Fascinating. I did a lot of 1401 progranning at the UCLA Computing Facility in Boelter Hall in the early 1960's.

Programs I remember:

A 1401 assembler that has 4 passes, wrote intermediate output to tape, and was many times faster than the IBM disk-based assembler. It ended up replacing the IBM assembler for most users because of its speed advantage.

An assembler for the SWAC computer (see https://en.wikipedia.org/wiki/SWAC_(computer)). For a year starting in August, 1950, this was the fastest computer in the world. It was used until 1967. A tricky thing about this assembler is that the SWAC read cards in row binary and the 1401 punched cards in column binary, and the 1401 was not easy to do bit-fiddling with.

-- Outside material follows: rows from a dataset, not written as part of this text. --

(* Let $q:G'\to G$ be an epimorphism of groups with finite abelian kernel $\Gamma$, let $W$ be a closed connected oriented surface of positive genus with $\pi=\pi_1(W)$ and first Betti number $b=2-\chi(W)$, and let $g:\pi\to G$ be an epimorphism. Then $g$ lifts to $G'$ (i.e. there is a homomorphism $g':\pi\to G'$ with $qg'=g$) if and only if $g_*([W])\in H_2(G;\mathbb{Z})$ lies in the image of $q_*:H_2(G';\mathbb{Z})\to H_2(G;\mathbb{Z})$. Moreover, if $g$ lifts to $G'$, then $$|\mathrm{Hom}_g(\pi,G')|=|\Gamma|^b\,|[\Gamma,G']|^{-1}.$$
   Context: $[W]\in H_2(W;\mathbb{Z})=H_2(\pi;\mathbb{Z})$ is the fundamental class. $\mathrm{Hom}_g(\pi,G')$ is the set of homomorphisms $g':\pi\to G'$ with $qg'=g$. $[\Gamma,G']$ is the subgroup of $\Gamma$ generated by commutators of elements of $\Gamma$ with elements of $G'$. *)

From mathcomp Require Import all_boot ssralg ssrnum ssrint fingroup.
Set Implicit Arguments.
Unset Strict Implicit.
Unset Printing Implicit Defensive.
Import GRing.Theory.

Definition is_hom (G H : groupType) (f : G -> H) : Prop :=
  forall x y : G, f (x * y)%g = (f x * f y)%g.

Inductive gen_by (G : groupType) (S : G -> Prop) : G -> Prop :=
  | gen_one : gen_by S 1%g
  | gen_mem x : S x -> gen_by S x
  | gen_inv x : gen_by S x -> gen_by S x^-1%g
  | gen_mul x y : gen_by S x -> gen_by S y -> gen_by S (x * y)%g.

Definition card_is (T : eqType) (P : T -> Prop) (n : nat) : Prop :=
  exists s : seq T, [/\ uniq s, size s = n & forall x, x \in s <-> P x].

(* Integral group homology in degree 2 via the (inhomogeneous) bar    *)
(* complex  C_n(G) = Z[G^n],                                          *)
(*   d[x] = 0,  d[x|y] = [y] - [xy] + [x],                            *)
(*   d[x|y|z] = [y|z] - [xy|z] + [x|yz] - [x|y],                      *)
(* so that H_2(G;Z) = ker d_2 / im d_3.  Chains are finite formal      *)
(* Z-linear combinations, represented as lists of (coefficient, cell).*)

Definition chain1 (G : groupType) := seq (int * G).
Definition chain2 (G : groupType) := seq (int * (G * G)).
Definition chain3 (G : groupType) := seq (int * (G * G * G)).

Definition coef (T : eqType) (c : seq (int * T)) (s : T) : int :=
  (\sum_(e <- c | e.2 == s) e.1)%R.

Definition bd2 (G : groupType) (c : chain2 G) : chain1 G :=
  flatten [seq [:: (e.1, e.2.2); (- e.1, e.2.1 * e.2.2)%g; (e.1, e.2.1)]%R
          | e <- c].

Definition bd3 (G : groupType) (c : chain3 G) : chain2 G :=
  flatten [seq [:: (e.1, (e.2.1.2, e.2.2));
                   (- e.1, (e.2.1.1 * e.2.1.2, e.2.2)%g);
                   (e.1, (e.2.1.1, e.2.1.2 * e.2.2)%g);
                   (- e.1, (e.2.1.1, e.2.1.2))]%R
          | e <- c].

Definition cycle2 (G : groupType) (c : chain2 G) : Prop :=
  forall s : G, coef (bd2 c) s = 0%R.

Definition homologous2 (G : groupType) (c c' : chain2 G) : Prop :=
  exists B : chain3 G, forall s : G * G, (coef c s - coef c' s)%R = coef (bd3 B) s.

Definition chmap2 (G H : groupType) (f : G -> H) (c : chain2 G) : chain2 H :=
  [seq (e.1, (f e.2.1, f e.2.2)) | e <- c].

Definition in_image_H2 (G' G : groupType) (f : G' -> G) (c : chain2 G) : Prop :=
  exists z : chain2 G', cycle2 z /\ homologous2 (chmap2 f z) c.

(* Closed oriented surface W of genus h >= 1:                          *)
(*   pi = pi_1(W) = < a_1,b_1,...,a_h,b_h | [a_1,b_1]...[a_h,b_h] >,   *)
(* with [x,y] = x^-1 y^-1 x y (MathComp's commutator).  A homomorphism *)
(* pi -> G is the same thing as a family (a_i, b_i) of elements of G   *)
(* satisfying the surface relation (images of the generators).        *)

Definition surface_rel (G : groupType) (h : nat) (a b : 'I_h -> G) : Prop :=
  foldr (fun i acc => [~ a i, b i] * acc)%g 1%g (enum 'I_h) = 1%g.

(* the relator word, letters (sign, generator-image); true = exponent +1 *)
Definition surface_word (G : groupType) (h : nat) (a b : 'I_h -> G)
  : seq (bool * G) :=
  flatten [seq [:: (false, a i); (false, b i); (true, a i); (true, b i)]
          | i <- enum 'I_h].

(* Fox-calculus 2-chain of a relator word read from the prefix p:
   letter x^{+1} after prefix p contributes +[p|x],
   letter x^{-1} after prefix p contributes -[p x^-1 | x].
   Its boundary is sum_k eps_k [x_k] + [p] - [p * word]. *)
Fixpoint word_chain (G : groupType) (p : G) (w : seq (bool * G)) : chain2 G :=
  match w with
  | [::] => [::]
  | (true, x) :: w' => (1%R, (p, x)) :: word_chain (p * x)%g w'
  | (false, x) :: w' => ((-1)%R, (p * x^-1, x)%g) :: word_chain (p * x^-1)%g w'
  end.

(* g_*[W]: the image under g (given by the generator images a, b) of the
   standard 2-cycle representing the fundamental class [W] in
   H_2(pi;Z) = H_2(W;Z) (up to the sign fixed by the orientation). *)
Definition surface_class (G : groupType) (h : nat) (a b : 'I_h -> G) : chain2 G :=
  word_chain 1%g (surface_word a b).
Lemma inf_dis_le_transfer (R : realType) (C D C' D' : Type) (dC : C -> C -> R) (dD : D -> D -> R)
    (dC' : C' -> C' -> R) (dD' : D' -> D' -> R) (MC MD c : R) (c0 : C) (d0' : D')
    (H : (C' -> D') -> C -> D) :
  dist_bounded dC MC -> dist_bounded dD MD ->
  (forall h, dis dC dD (H h) <= dis dC' dD' h + c) ->
  inf [set r | exists h : C -> D, r = dis dC dD h]
    <= inf [set r | exists h : C' -> D', r = dis dC' dD' h] + c.
Proof.
move=> bC bD dis_H; apply: inf_le_add_inf.
- by exists 0 => _ [h ->]; exact: dis_ge0 bC bD c0 h.
- by exists (dis dC' dD' (fun _ => d0')), (fun _ => d0').
- by move=> _ [h ->]; exists (dis dC dD (H h)); [exists (H h) | exact: dis_H].
Qed.

Section GHTransfer.
Variables (R : realType) (A B A' B' : Type).
Variables (dA : A -> A -> R) (dA' : A' -> A' -> R) (dB : B -> B -> R) (dB' : B' -> B' -> R).
Variables (MA MB : R) (a0 : A) (b0 : B) (a0' : A') (b0' : B').
Hypotheses (bA : dist_bounded dA MA) (bB : dist_bounded dB MB).
Variables (F : (A' -> B') -> A -> B) (G : (B' -> A') -> B -> A) (e : R).
Hypotheses (dis_F : forall f, dis dA dB (F f) <= dis dA' dB' f + 2 * e)
  (dis_G : forall g, dis dB dA (G g) <= dis dB' dA' g + 2 * e).

Lemma mdGH_le_transfer : mdGH dA dB <= mdGH dA' dB' + e.
Proof.
have infAB := inf_dis_le_transfer a0 b0' bA bB dis_F.
have infBA := inf_dis_le_transfer b0 a0' bB bA dis_G.
have := le_max2 infAB infBA; rewrite -addr_maxl /mdGH; lra.
Qed.

Lemma dGH_le_transfer :
  (forall f g, codis dA dB (F f) (G g) <= codis dA' dB' f g + 2 * e) ->
  dGH dA dB <= dGH dA' dB' + e.
Proof.
move=> codis_FG; rewrite /dGH.
set S := [set r | exists f g, r = _]; set T := [set r | exists f g, r = _].
suff : inf S <= inf T + 2 * e by lra.
apply: inf_le_add_inf.
- exists 0 => _ [f [g ->]].
  by rewrite le_max (dis_ge0 bA bB a0).
- by eexists; exists (fun _ => b0'), (fun _ => a0').
- move=> _ [f [g ->]]; eexists; first by exists (F f), (G g).
  by rewrite !addr_maxl; apply: le_max2 (dis_F f) (le_max2 (dis_G g) (codis_FG f g)).
Qed.

End GHTransfer.

Section NetTransfer.
Variables (R : realType) (A A' B B' : Type).
Variables (dA : A -> A -> R) (dA' : A' -> A' -> R) (dB : B -> B -> R) (dB' : B' -> B' -> R).
Hypotheses (dA_metric : is_metric dA) (dB_metric : is_metric dB).
Variables (MA MB : R) (a0 : A) (b0 : B).
Hypotheses (bA : dist_bounded dA MA) (bB : dist_bounded dB MB).
Variables (iA : A' -> A) (pA : A -> A') (iB : B' -> B) (pB : B -> B') (eps : R).
Hypotheses (iA_isometry : forall x y, dA (iA x) (iA y) = dA' x y)
  (iB_isometry : forall x y, dB (iB x) (iB y) = dB' x y)
  (pA_near : forall x, dA x (iA (pA x)) <= eps)
  (pB_near : forall y, dB y (iB (pB y)) <= eps).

A multiple-precision floating point package. This was made easier by the 1401's arbitrary-precision integer operations.

A typewriter simulator which read punched cards and printed them to the 1403 printer one character at a time. Not useful, but fun.

There were probably others, but over fifty years is a long time.

Definitely a fun machine.

Man in the Street said...

The biggest loss when card readers became obsolete were the fun girls in the punchroom.